Design and Bioactivity Evaluation of Chloro-Substituted Hydrazones ^†

Aroylhydrazones, created by combining aromatic aldehydes and hydrazides, have numerous biological effects such as analgesic, anti-inflammatory, anticancer, antimicrobial, and antibacterial. The current study reports how the presence of a chlorine atom in hydrazone molecules affects their lipophilicity and molecular characteristics.

Methods: A series of novel chloro-substituted salicylaldehyde benzoylhydrazone derivatives was created by inserting the Cl atom in the aldehyde and hydrazide moiety and changing the substituent positions. To select the lead chloro-hydrazones with suitable pharmacological properties, the molecular and bioactivity scores of the proposed compounds were evaluated using a group contribution approach.

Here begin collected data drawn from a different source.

(* In the setting described in the context (assuming (F1) and (F2)), for every $t\in\mathbb N\cup\{0\}$, $$\|z(t)-1_n\otimes\bar w(t)\|_{\pi\otimes1_d}\le\delta\|w(t)-n\pi\otimes\bar w(t)\|_{\pi\otimes1_d}+\delta\|1_n-n\pi\|_\pi\sigma_W^t\big(\|\bar w(t)-w_*\|+\|w_*\|\big).$$
   Context: $G=(V,E)$ directed on $\{1,\dots,n\}$, self-loop at each vertex, strongly connected; $d_j=|\{i:(j,i)\in E\}|$, $W_{ij}=1/d_j$ if $(j,i)\in E$, else $0$. $\pi$: $W\pi=\pi$, $\pi_i>0$, $\sum\pi_i=1$; $W^\infty=\pi1_n^\top$. $\|x\|_\pi=(\sum_ix_i^2/\pi_i)^{1/2}$ on $\mathbb R^n$, $|||\cdot|||_\pi$ the induced operator norm, $\sigma_W=|||W-W^\infty|||_\pi$ (known $<1$). On $\mathbb R^{nd}$, $\|x\|_{\pi\otimes1_d}=(\sum_i\|x_i\|^2/\pi_i)^{1/2}$. $v\otimes u=\mathrm{col}(v_1u,\dots,v_nu)$. $f_i:\mathbb R^d\to\mathbb R$, $f=\frac1n\sum f_i$; (F1) each $\nabla f_i$ is $L_i$-Lipschitz, $L=\max L_i$; (F2) $f$ is $\beta$-strongly convex; $w_*$ is the minimizer of $f$. $\nabla F(x)=\mathrm{col}(\nabla f_i(x_i))$. Algorithm with stepsize $\alpha>0$: given $w(0)\in\mathbb R^{nd}$, $y(0)=1_n$; for $t\ge0$: $z_i(t)=w_i(t)/y_i(t)$, $x_i(t)=w_i(t)-\alpha\nabla f_i(z_i(t))$, $w_i(t+1)=\sum_jW_{ij}x_j(t)$, $y_i(t+1)=\sum_jW_{ij}y_j(t)$. $z(t)=\mathrm{col}(z_i(t))$, $\bar w(t)=\frac1n\sum_iw_i(t)$, $\delta=\sup_{t\ge0}\max_i1/y_i(t)$. *)

From HB Require Import structures.
From mathcomp Require Import all_boot all_order all_algebra.
From mathcomp Require Import all_classical all_reals all_analysis.
Set Implicit Arguments. Unset Strict Implicit. Unset Printing Implicit Defensive.
Import Order.TTheory GRing.Theory Num.Theory.
Import numFieldNormedType.Exports.
Local Open Scope classical_set_scope.
Local Open Scope ring_scope.
(* Let $N$ be a $4$-dimensional Lorentzian space form of constant sectional curvature $L_0$, with metric $h$ and Levi-Civita connection $\nabla$. Let $M$ be a Lorentz surface and $F:M\to N$ a time-like conformal immersion. Let $(u,v)$ be local coordinates compatible with the paracomplex structure of $M$, so that the induced metric is $e^{2\lambda}(du^2-dv^2)$. Put $T_1=dF(\partial/\partial u)$, $T_2=dF(\partial/\partial v)$ and let $N_1,N_2$ be normal vector fields with $h(N_1,N_1)=h(N_2,N_2)=e^{2\lambda}$, $h(N_1,N_2)=0$. Define real functions $\alpha_k,\beta_k$ ($k=1,2,3$), $\mu_1,\mu_2$ by $$\sigma(T_1,T_1)=\alpha_1N_1+\beta_1N_2,\quad\sigma(T_1,T_2)=\alpha_2N_1+\beta_2N_2,\quad\sigma(T_2,T_2)=\alpha_3N_1+\beta_3N_2,$$ $$\nabla^\perp_{\partial/\partial u}N_1=\lambda_uN_1+\mu_1N_2,\qquad \nabla^\perp_{\partial/\partial v}N_1=\lambda_vN_1+\mu_2N_2,$$ with $\sigma$ the second fundamental form and $\nabla^\perp$ the normal connection. Set $$W=\alpha_2+\sqrt{-1}\beta_1,\quad X=\alpha_2+\sqrt{-1}\beta_3,\quad Y=\beta_2-\sqrt{-1}\alpha_1,\quad Z=\beta_2-\sqrt{-1}\alpha_3,$$ $$\phi=\lambda_u-\sqrt{-1}\mu_2,\qquad\psi=\lambda_v-\sqrt{-1}\mu_1.$$ Then $W+\overline{W}=X+\overline{X}$, $Y+\overline{Y}=Z+\overline{Z}$, $$WX+YZ+L_0e^{2\lambda}+\phi_u-\psi_v=0,$$ and $$Y_v+\sqrt{-1}X_u=-\sqrt{-1}W\phi-Z\psi,\qquad W_v-\sqrt{-1}Z_u=\sqrt{-1}Y\phi-X\psi.$$
   Context: A time-like immersion is one whose induced metric is Lorentzian. All objects are smooth; subscripts $u,v$ denote partial derivatives. *)

From Stdlib Require Import Reals Lra List.
From Coquelicot Require Import Coquelicot.
Open Scope R_scope.

Definition du (f : R -> R -> R) : R -> R -> R := fun u v => Derive (fun t => f t v) u.
Definition dv (f : R -> R -> R) : R -> R -> R := fun u v => Derive (fun t => f u t) v.

Fixpoint pdn (ds : list bool) (f : R -> R -> R) : R -> R -> R :=
  match ds with
  | nil => f
  | b :: ds' => (if b then du else dv) (pdn ds' f)
  end.

Definition open2 (U : R -> R -> Prop) : Prop :=
  forall u v, U u v -> exists eps, 0 < eps /\
    forall u' v', Rabs (u' - u) < eps -> Rabs (v' - v) < eps -> U u' v'.

Definition smooth_on (U : R -> R -> Prop) (f : R -> R -> R) : Prop :=
  forall (ds : list bool) u v, U u v ->
    ex_derive (fun t => pdn ds f t v) u /\
    ex_derive (fun t => pdn ds f u t) v /\
    continuous (fun p : R * R => pdn ds f (fst p) (snd p)) (u, v).
Lemma midpoint_sqdist_le Q :
  sqdist P3 M + sqdist M Q <= Num.max (sqdist P3 Q) (sqdist P4 Q).
Proof.
have := parallelogram_midpoint P3 P4 Q; rewrite -/M => par.
by have [?|?] := leP (sqdist P3 Q) (sqdist P4 Q); lra.
Qed.

Lemma dist_midpoint_le_maxdist4 Q : dist P3 M <= maxdist4 P1 P2 P3 P4 Q.
Proof.
have le3 : dist P3 M <= Num.max (dist P3 Q) (dist P4 Q).
  rewrite le_max !ler_dist; have := midpoint_sqdist_le Q.
  by rewrite le_max => /orP[] le; rewrite (le_trans _ le) ?orbT // lerDl sqdist_ge0.
by rewrite /maxdist4 le_max le3 orbT.
Qed.

Lemma maxdist4_le_midpoint Q :
  maxdist4 P1 P2 P3 P4 Q <= dist P3 M -> Q = M.
Proof.
rewrite /maxdist4 !ge_max !ler_dist => /andP[_ /andP[le3 le4]].
have : sqdist P3 M + sqdist M Q <= sqdist P3 M.
  by apply: le_trans (midpoint_sqdist_le Q) _; rewrite ge_max le3 le4.
rewrite gerDl => le0; apply/esym/eqP.
by rewrite -sqdist_eq0 eq_le le0 sqdist_ge0.
Qed.

End SmallestEnclosingBall.

End Euclid.

Theorem theorem8 (R : realType) (n : nat)
  (P1 P2 P3 P4 Q0 Q1 Q2 : 'rV[R]_n)
  (l01 l02 l03 l04 l11 l12 l13 l14 : R) :
  general_position4 P1 P2 P3 P4 ->
  (* Q0 is the equidistant point, with barycentric coordinate l0 *)
  bary4 P1 P2 P3 P4 Q0 l01 l02 l03 l04 ->
  dist P1 Q0 = dist P2 Q0 -> dist P1 Q0 = dist P3 Q0 -> dist P1 Q0 = dist P4 Q0 ->
  l01 < 0 -> 0 <= l02 -> 0 <= l03 -> 0 <= l04 ->
  (* Q1 = pi(Q0 | L(P2,P3,P4)), with barycentric coordinate l1 about P1..P4 *)
  orth_proj3 P2 P3 P4 Q0 Q1 ->
  bary4 P1 P2 P3 P4 Q1 l11 l12 l13 l14 ->
  l12 < 0 -> 0 <= l13 -> 0 <= l14 ->
  (* Q2 = pi(Q1 | L(P3,P4)) *)
  orth_proj2 P3 P4 Q1 Q2 ->
  (* Q2 is the (unique) center of the smallest enclosing circle, radius d(P3,Q2) *)
  sec_center4 P1 P2 P3 P4 Q2 /\
  (forall Q : 'rV[R]_n, sec_center4 P1 P2 P3 P4 Q -> Q = Q2) /\
  maxdist4 P1 P2 P3 P4 Q2 = dist P3 Q2.
Proof.
move=> gp bary0 d12 d13 d14 l01_lt0 l02_ge0 _ _ proj1 bary1 l12_lt0 _ _ proj2.
have [e1 e2 e3] : [/\ sqdist P1 Q0 = sqdist P4 Q0, sqdist P2 Q0 = sqdist P4 Q0
                    & sqdist P3 Q0 = sqdist P4 Q0].
  by split; apply: eq_sqdist; rewrite -?d12 -?d13 -d14.
have [[a [b [c [abc1 hQ1]]]] _] := proj1.
have l12E : l12 = a.
  have bary1' : bary4 P1 P2 P3 P4 Q1 0 a b c by split; rewrite ?scale0r add0r.
  by case: (bary4_inj gp bary1 bary1').
have [f2 f3] := orth_proj3_equidistant proj1 e2 e3.
have T2_le0 : dotv (P2 - P3) (P2 - P4) <= 0.
  by rewrite -(nmulr_rge0 _ l12_lt0) l12E (bary3_equidistant_dot_ge0 abc1 hQ1 f2 f3).
have T1_le0 : dotv (P1 - P3) (P1 - P4) <= 0.
  rewrite -(nmulr_rge0 _ l01_lt0).
  apply: le_trans (bary4_equidistant_dot_ge0 bary0 e1 e2 e3) _.
  by rewrite gerDl mulr_ge0_le0.
have -> := orth_proj2_midpoint (general_position4_neq34 gp) proj2 f3.
split; last split.
- by move=> Q; rewrite maxdist4_midpoint // dist_midpoint_le_maxdist4.
- by move=> Q /(_ (midpoint P3 P4)); rewrite maxdist4_midpoint // => /maxdist4_le_midpoint.
- exact: maxdist4_midpoint.
Qed.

Results: Including a chlorine atom in the salicylaldehyde or hydrazide moiety raises the value of log P. Despite minor variances, all chloro-substituted salicylaldehyde benzoyl hydrazone derivatives show acceptable lipophilicity, with log P values up to 4.51. Cl-hydrazones have a TPSA of less than 140 Ų, indicating high permeability to the cellular plasma membrane. Bioactivity scores indicate biological activity against GPCR ligands, ion channel modulators, kinase inhibitors, nuclear receptor ligands, protease inhibitors, and other enzyme targets.

Conclusions: The results revealed that all compounds are potential candidates for future drug discovery studies.